Drupal Performance Mantra: Crawl, Boost, Expire
The Boost module is a surprisingly effective static file caching tool to dramatically speed up pretty much any Drupal website. The trick it employs is in that it actually tries to avoid running Drupal as often as possible.
It provides caching on the level of whole web pages. If a particular version of a page happens not to be cached, Drupal will of course be asked to run through its convoluted logic of permissions, menus, database calls, and all that. Heavy pages often take several seconds to complete. Getting under the magic limit of 1 second is a prized UX and SEO art — but that's another story.
Thanks to Boost, even if your page takes several seconds to load, it will do that just once. The next time it will be fired blazing fast as a little compressed HTML file directly by the Apache web server, completely avoiding not just Drupal but any MySQL or PHP processing, easily delivering a page in a matter of milliseconds.

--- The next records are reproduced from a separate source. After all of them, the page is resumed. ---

Lemma win_prefix_uproj_root g S K b s :
  b = lab g -> well_labelled g -> subvalue_map_for g S K -> win g K s ->
  win (prefix b (uproj g S)) (win (suffix b g) K) s.
Proof.
  intros -> Hwl HS Hs. rewrite suffix_lab.
  destruct (proj2 Hwl _ (lab_in_nodes g)) as [n Hn].
  destruct g as [| | | | | | | | | | a g | a g]; cbn [lab uproj] in Hn |- *; subst;
    try solve [ cbn [prefix nodes lab]; repeat first [destruct label_eq_dec | destruct in_dec];
                first [ split; [exact I | exact Hs] | congruence
                      | exfalso; auto with datatypes ] ].
  - rewrite prefix_seq_l, prefix_cross_lab by label_side_conditions.
    exists (win (GStar (LBase n) g) K). split; [exact Hs|].
    intros t Ht; split; [exact Ht | intros Hl; exact (win_uproj_star_body _ _ _ _ _ Hwl HS Hl)].
  - rewrite prefix_cross_lab.
    exists (win (GCross (LBase n) g) K). split; [exact Hs|].
    intros t Ht; split; [exact Ht | exact (win_uproj_cross_body _ _ _ _ _ Hwl HS Ht)].
Qed.

Lemma win_prefix_uproj g : forall S K b s,
  well_labelled g -> subvalue_map_for g S K -> In b (nodes g) -> win g K s ->
  win (prefix b (uproj g S)) (win (suffix b g) K) s.
Proof.
  induction g as [a x e | a x | a x | a Q | a Q | a ode Q | a ode Q
                  | a g1 IH1 g2 IH2 | a g1 IH1 g2 IH2 | a g1 IH1 g2 IH2 | a g IH | a g IH];
    intros S K b s Hwl HS Hb Hs;
    (destruct (label_eq_dec b a) as [Hba | Hne];
       [apply win_prefix_uproj_root; assumption |]);
    destruct (proj2 Hwl b Hb) as [n ->]; simpl in Hb;
    (destruct Hb as [Hb | Hb]; [congruence |]); try contradiction; cbn [uproj].
  - destruct (well_labelled_binary _ _ _ Hwl) as (W1 & W2 & _).
    destruct (subvalue_map_seq _ _ _ _ _ Hwl HS) as [HS1 HS2].
    destruct (in_dec label_eq_dec (LBase n) (nodes g1)) as [Hb1 | Hb1].
    + rewrite suffix_seq_l, prefix_seq_l by label_side_conditions.
      exact (IH1 _ _ _ _ W1 HS1 Hb1 Hs).
    + apply in_app_or in Hb; destruct Hb as [Hb | Hb]; [contradiction |].
      rewrite suffix_seq_r, prefix_seq_r by label_side_conditions.
      cbn [win]. apply win_mono with (win g2 K).
      * intros t Ht; exact (IH2 _ _ _ _ W2 HS2 Hb Ht).
      * exact (win_uproj _ _ _ _ W1 HS1 Hs).
  - destruct (well_labelled_binary _ _ _ Hwl) as (W1 & W2 & _).
    destruct (subvalue_map_choice _ _ _ _ _ Hwl HS) as [HS1 HS2].
    destruct (in_dec label_eq_dec (LBase n) (nodes g1)) as [Hb1 | Hb1].
    + rewrite suffix_choice_l, prefix_dchoice_l, prefix_seq_r by label_side_conditions.
      intros Hl; exact (IH1 _ _ _ _ W1 HS1 Hb1 (subvalue_map_root _ _ _ _ HS1 Hl)).
    + apply in_app_or in Hb; destruct Hb as [Hb | Hb]; [contradiction |].
      rewrite suffix_choice_r, prefix_dchoice_r, prefix_seq_r by label_side_conditions.
      intros Hl; exact (IH2 _ _ _ _ W2 HS2 Hb (subvalue_map_root _ _ _ _ HS2 Hl)).
  - destruct (well_labelled_binary _ _ _ Hwl) as (W1 & W2 & _).
    destruct (subvalue_map_dchoice _ _ _ _ _ Hwl HS) as [HS1 HS2].
    destruct (in_dec label_eq_dec (LBase n) (nodes g1)) as [Hb1 | Hb1].
    + rewrite suffix_dchoice_l, prefix_dchoice_l by label_side_conditions.
      exact (IH1 _ _ _ _ W1 HS1 Hb1 (proj1 Hs)).
    + apply in_app_or in Hb; destruct Hb as [Hb | Hb]; [contradiction |].
      rewrite suffix_dchoice_r, prefix_dchoice_r by label_side_conditions.
      exact (IH2 _ _ _ _ W2 HS2 Hb (proj2 Hs)).
  - destruct (well_labelled_unary _ _ Hwl) as [W _].
    rewrite suffix_star, prefix_seq_l, prefix_cross, prefix_seq_r by label_side_conditions.
    exists (win (GStar a g) K). split; [exact Hs|]. intros t _. split; intros Hl.
    + exact (IH _ _ _ _ W (subvalue_map_star _ _ _ _ Hwl HS) Hb
               (subvalue_map_star_lab _ _ _ _ _ Hwl HS Hl)).
    + exact (win_uproj_star_body _ _ _ _ _ Hwl HS Hl).
  - destruct (well_labelled_unary _ _ Hwl) as [W _].
    rewrite suffix_cross, prefix_cross by label_side_conditions.
    exists (win (GCross a g) K). split; [exact Hs|]. intros t Ht. split.
    + exact (IH _ _ _ _ W (subvalue_map_cross _ _ _ _ Hwl HS) Hb
               (proj2 (win_cross_unfold _ _ _ _ Ht))).
    + exact (win_uproj_cross_body _ _ _ _ _ Hwl HS Ht).
Qed.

There indeed are even more performant caching layers. On dedicated servers, we surely may want to consider Varnish instead. In my experience, however, the various Varnish caching recipes out there are actually much less customizable than Boost, and they lack the sweet sense of completeness provided by Boost and its companion modules described further in this article.
Boost is good at making sure that a page request does not ask Drupal for the page content more than one single time. The problem is that without talking to Drupal it never learns when a page is updated. It will tirelessly continue its rapid delivery of pages — but their content will become stale.

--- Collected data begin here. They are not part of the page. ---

(* Let $X$ be a $d$-space such that ${\downarrow}(C\cap K)$ is closed for every nonempty closed set $C\neq X$ and every $K\in K(X)$. Then $X$ is $S^{\ast}$-well-filtered.
   Context: All spaces are $T_0$. The specialization order of $X$ is given by $x\le y$ iff $x\in cl(\{y\})$; ${\uparrow},{\downarrow}$ are taken with respect to it; a subset is saturated if it is an upper set in the specialization order. A $d$-space is a $T_0$-space that is a dcpo in its specialization order and whose open sets are all Scott open with respect to that order. $K(X)$ denotes the set of all nonempty compact saturated subsets of $X$; a family in $K(X)$ is filtered if any two members contain a common member. $X$ is $S^{\ast}$-well-filtered if for every filtered family $\{K_i\mid i\in I\}\subseteq K(X)$, every $G\in K(X)$ and every nonempty open $U$, $\bigcap_{i\in I}K_i\cap G\subseteq U$ implies $K_i\cap G\subseteq U$ for some $i$. *)

From HB Require Import structures.
From mathcomp Require Import all_boot all_order.
From mathcomp Require Import all_classical all_reals all_analysis.
Set Implicit Arguments. Unset Strict Implicit. Unset Printing Implicit Defensive.
Local Open Scope classical_set_scope.

Section Defs.
Variable T : topologicalType.

Definition spec_le (x y : T) : Prop := closure [set y] x.

Definition upset (A : set T) : set T := [set y | exists2 x, A x & spec_le x y].
Definition downset (A : set T) : set T := [set x | exists2 y, A y & spec_le x y].

Definition saturated (A : set T) : Prop :=
  forall x y, A x -> spec_le x y -> A y.

Definition KX (K : set T) : Prop := K !=set0 /\ compact K /\ saturated K.

Definition directed (D : set T) : Prop :=
  D !=set0 /\ forall a b, D a -> D b -> exists2 c, D c & spec_le a c /\ spec_le b c.

Definition is_sup (D : set T) (s : T) : Prop :=
  (forall d, D d -> spec_le d s) /\
  (forall u, (forall d, D d -> spec_le d u) -> spec_le s u).

Definition scott_open (U : set T) : Prop :=
  saturated U /\
  forall D s, directed D -> is_sup D s -> U s -> exists2 d, D d & U d.

Definition d_space : Prop :=
  kolmogorov_space T /\
  (forall D, directed D -> exists s, is_sup D s) /\
  (forall U, open U -> scott_open U).

Definition filtered_KX (F : set (set T)) : Prop :=
  F !=set0 /\ (forall K, F K -> KX K) /\
  forall A B, F A -> F B -> exists2 C, F C & C `<=` A `&` B.

Definition S_star_well_filtered : Prop :=
  forall (F : set (set T)) (G U : set T),
    filtered_KX F -> KX G -> open U -> U !=set0 ->
    \bigcap_(K in F) K `&` G `<=` U ->
    exists2 K, F K & K `&` G `<=` U.
End Defs.

(* Suppose no member K of the filtered family F satisfies K ∩ G ⊆ U. Then every
   K meets B = ↓((X∖U) ∩ G), a proper closed set. Since an intersection of a chain
   of closed sets each meeting a compact K still meets K, Zorn's lemma yields a
   minimal closed A ⊆ B meeting every member of F. As F is filtered, ↓(A ∩ K) is
   again such a set, so A = ↓(A ∩ K) for every K in F. Closed sets of a d-space
   are closed under directed sups, so A has a maximal point m; m lies below a
   point of A ∩ K, hence in K by saturation, for every K. Finally m ≤ g for some
   g ∈ G∖U, and saturation puts g in ⋂F ∩ G ⊆ U: contradiction. *)

From mathcomp Require Import all_boot all_order.
From mathcomp Require Import all_classical all_reals all_analysis.
Set Implicit Arguments. Unset Strict Implicit. Unset Printing Implicit Defensive.
Local Open Scope classical_set_scope.

Section SpecializationOrder.
Variable T : topologicalType.

Lemma spec_le_refl (x : T) : spec_le x x.
Proof. exact: subset_closure. Qed.

Lemma closed_spec_le (C : set T) (x y : T) :
  closed C -> C y -> spec_le x y -> C x.
Proof. by move=> cC Cy hxy; apply: cC; apply: closureS hxy => z ->. Qed.

Lemma spec_le_trans (x y z : T) : spec_le x y -> spec_le y z -> spec_le x z.
Proof. by move=> hxy hyz; exact: closed_spec_le (@closed_closure T [set z]) hyz hxy. Qed.

Lemma closed_downset_subset (A K : set T) : closed A -> downset (A `&` K) `<=` A.
Proof. by move=> cA x [y [Ay _] hxy]; exact: closed_spec_le cA Ay hxy. Qed.

End SpecializationOrder.

Section MinimalClosedSets.
Variable T : topologicalType.

Lemma compact_chain_meet (K : set T) (Fc : set (set T)) :
  compact K -> Fc !=set0 -> (forall C, Fc C -> closed C) ->
  total_on Fc subset -> (forall C, Fc C -> (C `&` K) !=set0) ->
  (\bigcap_(C in Fc) C `&` K) !=set0.
Proof.
move=> cK [C0 FcC0] cFc tot meetK.
have FF : Filter (filter_from Fc (fun C => C `&` K)).
  apply: filter_from_filter; first by exists C0.
  move=> C1 C2 FcC1 FcC2; have [C12|C21] := tot _ _ FcC1 FcC2.
  - by exists C1 => // x [C1x Kx]; split; split=> //; exact: C12.
  - by exists C2 => // x [C2x Kx]; split; split=> //; exact: C21.
have FK : filter_from Fc (fun C => C `&` K) K by exists C0 => // x [].
have [p [Kp]] := cK _ (filter_from_proper FF meetK) FK.
rewrite clusterE => clp; exists p; split=> // C FcC.
apply: (cFc _ FcC); apply: (@closureS _ (C `&` K)); first by move=> x [].
by apply: clp; exists C.
Qed.

Definition meets_all (F : set (set T)) (A : set T) : Prop :=
  forall K, F K -> (A `&` K) !=set0.

Lemma minimal_closed_meets_all (F : set (set T)) (B : set T) :
  (forall K, F K -> compact K) -> closed B -> meets_all F B ->
  exists A, [/\ closed A, A `<=` B, meets_all F A &
    forall A', closed A' -> A' `<=` A -> meets_all F A' -> A `<=` A'].
Proof.
move=> cF cB mB.
pose S := {A : set T | closed A /\ A `<=` B /\ meets_all F A}.
pose R := fun A A' : S => `[< sval A' `<=` sval A >].
pose SB : S := exist _ B (conj cB (conj (@subset_refl _ B) mB)).
have [[A [cA [AB mA]]] maxA] : exists A, premaximal R A.
  apply: (ZL_preorder SB).
  - by move=> A; apply/asboolP.
  - by move=> A1 A2 A3 /asboolP h12 /asboolP h23; apply/asboolP => x /h23/h12.
  move=> Sc tot.
  have [[A0 ScA0]|noSc] := pselect (exists A, Sc A); last first.
    by exists SB => A ScA; exfalso; exact: noSc (ex_intro _ A ScA).
  pose Fc := [set sval A | A in Sc]; pose I := \bigcap_(C in Fc) C.
  have cI : closed I by apply: closed_bigI => _ [A _ <-]; case: (svalP A).
  have IB : I `<=` B.
    move=> x /(_ (sval A0) (ex_intro2 _ _ A0 ScA0 erefl)).
    by case: (svalP A0) => _ [+ _]; apply.
  have mI : meets_all F I.
    move=> K FK; apply: compact_chain_meet (cF _ FK) _ _ _ _.
    - by exists (sval A0), A0.
    - by move=> _ [A _ <-]; case: (svalP A).
    - move=> _ _ [A1 ScA1 <-] [A2 ScA2 <-].
      by have [/asboolP h|/asboolP h] := tot _ _ ScA1 ScA2; [right|left].
    - by move=> _ [A ScA <-]; case: (svalP A) => _ [_]; apply.
  exists (exist _ I (conj cI (conj IB mI))) => A ScA; apply/asboolP => x Ix.
  exact: Ix (ex_intro2 _ _ A ScA erefl).
exists A; split=> // A' cA' A'A mA'.
have A'S : closed A' /\ A' `<=` B /\ meets_all F A'.
  by split=> //; split=> //; exact: subset_trans A'A AB.
by have /asboolP := maxA (exist _ A' A'S) (asboolT A'A).
Qed.

End MinimalClosedSets.

Section DSpace.
Variable T : topologicalType.
Hypothesis dcpo : forall D : set T, directed D -> exists s, is_sup D s.
Hypothesis open_scott : forall U : set T, open U -> scott_open U.

Lemma closed_is_sup (A D : set T) (s : T) :
  closed A -> directed D -> D `<=` A -> is_sup D s -> A s.
Proof.
move=> cA dD DA supDs; apply: contrapT => nAs.
have [_ /(_ D s dD supDs nAs) [d Dd]] := open_scott (closed_openC cA).
by apply; exact: DA.
Qed.

Lemma closed_has_maximal (A : set T) : closed A -> A !=set0 ->
  exists2 m, A m & forall y, A y -> spec_le m y -> spec_le y m.
Proof.
move=> cA [a0 Aa0].
pose R := fun a b : {x : T | A x} => `[< spec_le (sval a) (sval b) >].
have [[m Am] maxm] : exists m, premaximal R m.
  apply: (ZL_preorder (exist _ a0 Aa0)).
  - by move=> a; apply/asboolP; exact: spec_le_refl.
  - move=> a b c /asboolP hab /asboolP hbc.
    by apply/asboolP; exact: spec_le_trans hab hbc.
  move=> S tot.
  have [[a Sa]|noS] := pselect (exists a, S a); last first.
    by exists (exist _ a0 Aa0) => a Sa; exfalso; exact: noS (ex_intro _ a Sa).
  pose D := [set sval b | b in S].
  have dD : directed D.
    split; first by exists (sval a), a.
    move=> _ _ [b Sb <-] [c Sc <-].
    have [/asboolP h|/asboolP h] := tot _ _ Sb Sc.
    - by exists (sval c); [exists c | split=> //; exact: spec_le_refl].
    - by exists (sval b); [exists b | split=> //; exact: spec_le_refl].
  have [s supDs] := dcpo dD.
  have As : A s by apply: closed_is_sup cA dD _ supDs => _ [b _ <-]; exact: svalP.
  by exists (exist _ s As) => b Sb; apply/asboolP; apply: supDs.1; exists b.
exists m => // y Ay hmy.
by have /asboolP := maxm (exist _ y Ay) (asboolT hmy).
Qed.

Hypothesis closed_downset_trace : forall C K : set T,
  closed C -> C !=set0 -> C <> setT -> KX K -> closed (downset (C `&` K)).

Lemma minimal_closed_sub_downset (F : set (set T)) (A : set T) :
  filtered_KX F -> closed A -> A !=set0 -> A <> setT -> meets_all F A ->
  (forall A', closed A' -> A' `<=` A -> meets_all F A' -> A `<=` A') ->
  forall K, F K -> A `<=` downset (A `&` K).
Proof.
move=> [_ [FKX Ffilt]] cA A0 AT mA minA K FK; apply: minA.
- exact: closed_downset_trace cA A0 AT (FKX _ FK).
- exact: closed_downset_subset.
move=> K' FK'; have [K'' FK'' K''sub] := Ffilt _ _ FK FK'.
have [x [Ax K''x]] := mA _ FK''; have [Kx K'x] := K''sub _ K''x.
by exists x; split=> //; exists x => //; exact: spec_le_refl.
Qed.

Lemma closed_meets_bigcap (F : set (set T)) (B : set T) :
  filtered_KX F -> closed B -> B <> setT -> meets_all F B ->
  (B `&` \bigcap_(K in F) K) !=set0.
Proof.
move=> Ffilt cB BT mB; have [[K0 FK0] [FKX _]] := Ffilt.
have [A [cA AB mA minA]] :=
  minimal_closed_meets_all (fun K FK => (FKX K FK).2.1) cB mB.
have A0 : A !=set0 by have [x [Ax _]] := mA _ FK0; exists x.
have AT : A <> setT.
  by move=> AT; apply: BT; apply/seteqP; split=> // x _; apply: AB; rewrite AT.
have [m Am maxm] := closed_has_maximal cA A0.
exists m; split; first exact: AB.
move=> K FK.
have [y [Ay Ky] hmy] := minimal_closed_sub_downset Ffilt cA A0 AT mA minA FK Am.
by have [_ [_ satK]] := FKX _ FK; apply: satK Ky (maxm _ Ay hmy).
Qed.

End DSpace.

Theorem mainTheorem11 (T : topologicalType) :
  d_space T ->
  (forall (C K : set T), closed C -> C !=set0 -> C <> setT -> KX K ->
     closed (downset (C `&` K))) ->
  S_star_well_filtered T.
Proof.
move=> [_ [dcpo open_scott]] downset_closed F G U Ffilt KG oU [u Uu] FGU.
apply: contrapT => noK.
have meetC : meets_all F (~` U `&` G).
  move=> K FK; apply: contrapT => nmeet; apply: noK; exists K => // x [Kx Gx].
  by apply: contrapT => nUx; apply: nmeet; exists x.
have [K0 FK0] := Ffilt.1.
have CT : ~` U <> setT by move=> UT; have : (~` U) u by rewrite UT.
pose B := downset (~` U `&` G).
have cB : closed B.
  apply: downset_closed CT KG; first exact: open_closedC.
  by have [x [[nUx _] _]] := meetC _ FK0; exists x.
have BT : B <> setT.
  by move=> BT; apply: CT; apply/seteqP; split=> // x _;
    apply: (closed_downset_subset (K := G) (open_closedC oU)); rewrite -/B BT.
have mB : meets_all F B.
  move=> K /meetC [x [CGx Kx]].
  by exists x; split=> //; exists x => //; exact: spec_le_refl.
have [m [[g [nUg Gg] hmg] Fm]] :=
  closed_meets_bigcap dcpo open_scott downset_closed Ffilt cB BT mB.
apply: nUg; apply: FGU; split=> // K FK.
by have [_ [_ satK]] := Ffilt.2.1 K FK; exact: satK (Fm K FK) hmg.
Qed.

Not forever, of course — Boost has settings for cache expiration time. We can set it to get a fresh version of the pages after a given time period, e.g. after 6 or 12 hours after the initial caching.
However, that is rarely good enough for any larger or busier website. Imagine a site with 300,000 pages that has 3,000 page views every hour, and with 30 page updates every hour. Some of the pages are more popular than others, so let's say that after 6 hours there are some 10,000 pages cached. In the 6 hours, 6 x 30 = 180 pages have been updated. Say 100 of them had been initially cached, meaning Boost is now serving stale content for those pages. Then the configured expiration time starts elapsing for the cached pages and Drupal is again tasked to slowly compute each of them. It happens gradually, since each page is cached at a bit different time and so they do not expire simultaneously either. But in the end, 10,000 pages will be expired and re-computed even though 9,900 of them remained unchanged. What a waste of resources and more, what a waste of time our users have to spend while Drupal re-computes the identical pages!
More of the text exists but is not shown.